原助教が「ほれ」と渡してきたのは、一際身体の大きな鶏で。
「沖野……」
ぽつりとミズキが呟くのが聞こえて、あたしは鼻がつんとなるのを自覚した。
世話をしていたのは、たぶん、一週間ちょっとくらい。訓練の片手間に、餌をあげたりケージを掃除したり。その程度で。そもそも、この訓練に使うために、ここに来た鶏たちで。だいたい、この訓練がなくても、処分される予定だった廃鶏達で。
でも――そんなこと関係なく、今はひたすらに、悲しい。
「それがおまえらの昼飯になるんだからな、しっかりやれよ!」
離れたところから、別の班に向かって言っている沖野助教の声が聞こえた。
確かに、お腹はすごく空いてるけれど。もうちょっとだけならあたし、我慢できるよ。この子達を食べなくたって、あたしは。
分かってる、そういうことじゃない。これは、もしものときに生き延びるための訓練なんだから。今だけじゃなくて、この先、生きていくための訓練なんだから。あたしだけじゃなくて、仲間が生き延びるための訓練なんだから。

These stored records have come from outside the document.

Lemma exists_complement_z :
  exists N : {group gT}, forall a, (a \in N) = (z * a \notin N).
Proof.
have nZ := cycle_z_normal.
have /splitsP [N /complP [tiZN defZN]] := SchurZassenhaus_split Hall_cycle_z nZ.
have z_notin : z \notin N.
  apply: contraNN z_neq1 => zN.
  have : z \in <[z]> :&: N by rewrite inE zN cycle_id.
  by rewrite tiZN inE.
exists N => a; apply/idP/idP => [aN | zaN].
  by apply: contra z_notin => zaN; rewrite -(mulgK a z) groupM ?groupV.
have : a \in <[z]> * N by rewrite defZN inE.
case/mulsgP => y n; rewrite cycle_z !inE => /orP [] /eqP -> nN def_a.
  by rewrite def_a mul1g.
by move: zaN; rewrite def_a mulgA -expg2 -order_z expg_order mul1g nN.
Qed.

End CentralInvolution.

Lemma seq_of_finite_pred (T : eqType) (P : T -> Prop) (l : seq T) :
  (forall x, P x -> x \in l) -> exists s : seq T, forall x, P x <-> x \in s.
Proof.
move=> Pl; exists [seq x <- l | if excluded_middle_informative (P x) then true else false].
move=> x; rewrite mem_filter; case: excluded_middle_informative => [Px | nPx] /=.
  by rewrite Pl.
by split.
Qed.

Section FiniteSubgroupSL2.
Variable K : fieldType.
Hypothesis two_neq0 : (2 : K) != 0.
Variable S : 'M[K]_2 -> Prop.
Variable s : seq 'M[K]_2.
Hypothesis memS : forall M, S M <-> M \in s.
Hypothesis S1 : S 1%:M.
Hypothesis SM : forall A B, S A -> S B -> S (A *m B).
Hypothesis SN : forall A, S A -> S (- A).
Hypothesis SV : forall A, S A -> S (invmx A).
Hypothesis SU : forall A, S A -> A \in unitmx.
Hypothesis S_sqrt : forall M, S M ->
  M *m M = 1%:M \/ M *m M = - 1%:M -> M = 1%:M \/ M = - 1%:M.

世話され慣れたあたしたちだからか、鶏の沖野は大人しくミズキに抱っこされている。ミズキは真顔でそれを見下ろしていたけれど、その押し隠した気持ちは分かるような気がした。
その羽を、あたしがつかむと。さすがに沖野は異変を感じたらしく、バタバタと暴れだした。
「ごめんね、沖野……」
あたしは、呟いて。泣きそうになりながら、ミズキと目を合わせて。心臓がつぶれそうになりながら、ぐっと唇を噛んで、堪えて。そして。
※※※
あちこちの鉄板から、焼肉屋にいるみたいな香りが漂ってくる。
あたし達の鉄板の上でも、切り分けた鶏肉と、そのモツと、それから蛇の白い肉が、ジュージュー音を立てて焼けている。

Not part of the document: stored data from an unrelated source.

(* For all natural numbers $n \neq m$, the terms $B\,Y_0\,S^{n}\,I$ and $B\,Y_0\,S^{m}\,I$ are not $\beta$-convertible; that is, the Scott sequence $B Y_0 I,\ B Y_0 S I,\ B Y_0 S S I,\ \ldots$ contains no duplicates.
   Context: Untyped $\lambda$-calculus with $\beta$-conversion. $I = \lambda x.x$, $S = \lambda xyz.\,xz(yz)$, $B = \lambda xyz.\,x(yz)$, and $Y_0 = \lambda f.\,\omega_f\,\omega_f$ with $\omega_f = \lambda x.\,f(xx)$. $A\,C^n$ denotes the left-associated application $A C\cdots C$ with $n$ copies of $C$. *)

From Stdlib Require Import Arith Relations.

Inductive term : Type :=
| Var : nat -> term
| App : term -> term -> term
| Lam : term -> term.

Fixpoint lift (k c : nat) (t : term) : term :=
  match t with
  | Var n => if Nat.ltb n c then Var n else Var (n + k)
  | App u v => App (lift k c u) (lift k c v)
  | Lam u => Lam (lift k (S c) u)
  end.

Fixpoint subst (j : nat) (s : term) (t : term) : term :=
  match t with
  | Var n =>
      if Nat.ltb n j then Var n
      else if Nat.eqb n j then lift j 0 s
      else Var (n - 1)
  | App u v => App (subst j s u) (subst j s v)
  | Lam u => Lam (subst (S j) s u)
  end.

Inductive beta : term -> term -> Prop :=
| beta_redex : forall t s, beta (App (Lam t) s) (subst 0 s t)
| beta_appl : forall u u' v, beta u u' -> beta (App u v) (App u' v)
| beta_appr : forall u v v', beta v v' -> beta (App u v) (App u v')
| beta_lam : forall u u', beta u u' -> beta (Lam u) (Lam u').

Definition beta_conv : term -> term -> Prop := clos_refl_sym_trans term beta.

「食事の前に。きみたちの訓練のために尊い犠牲となった、命たちに。黙祷を捧げたいと思う」
厳かに、鵬教官が話すのを、あたし達はぼんやりと聞いた。
「それにあたって、レンジャー小牧とレンジャー志鷹が、この鶏たちの飼育にあたった。二人とも――なにか言いたいことはあるか」
あたしとミズキは、また顔を見合せて。あたしは頷いて、その場に立ち上がった。
「みんな……とても、良い子たちでした……」
また、鼻の奥がつんとなってくる。目にたまった涙を、こぼさないように上を向いて、あたしは叫ぶように言った。
「どうか……残さず、美味しく食べてくださぃぃぃいっ」
「――黙祷ッ!」
谷嶋教官のバリトンボイスと共に、その場が静まりかえる。ジュージューと肉の焼ける音と、誰かの腹の鳴る音が響いた。
「黙祷、止めっ!」
バッと、全員が顔を上げる。
「今日は、特別に米と汁も厨房で用意してもらった! 全員で、感謝の心をもって完食せよっ」
「レンジャーッ!」
学生らの声は、青空の下、高らかに響いた。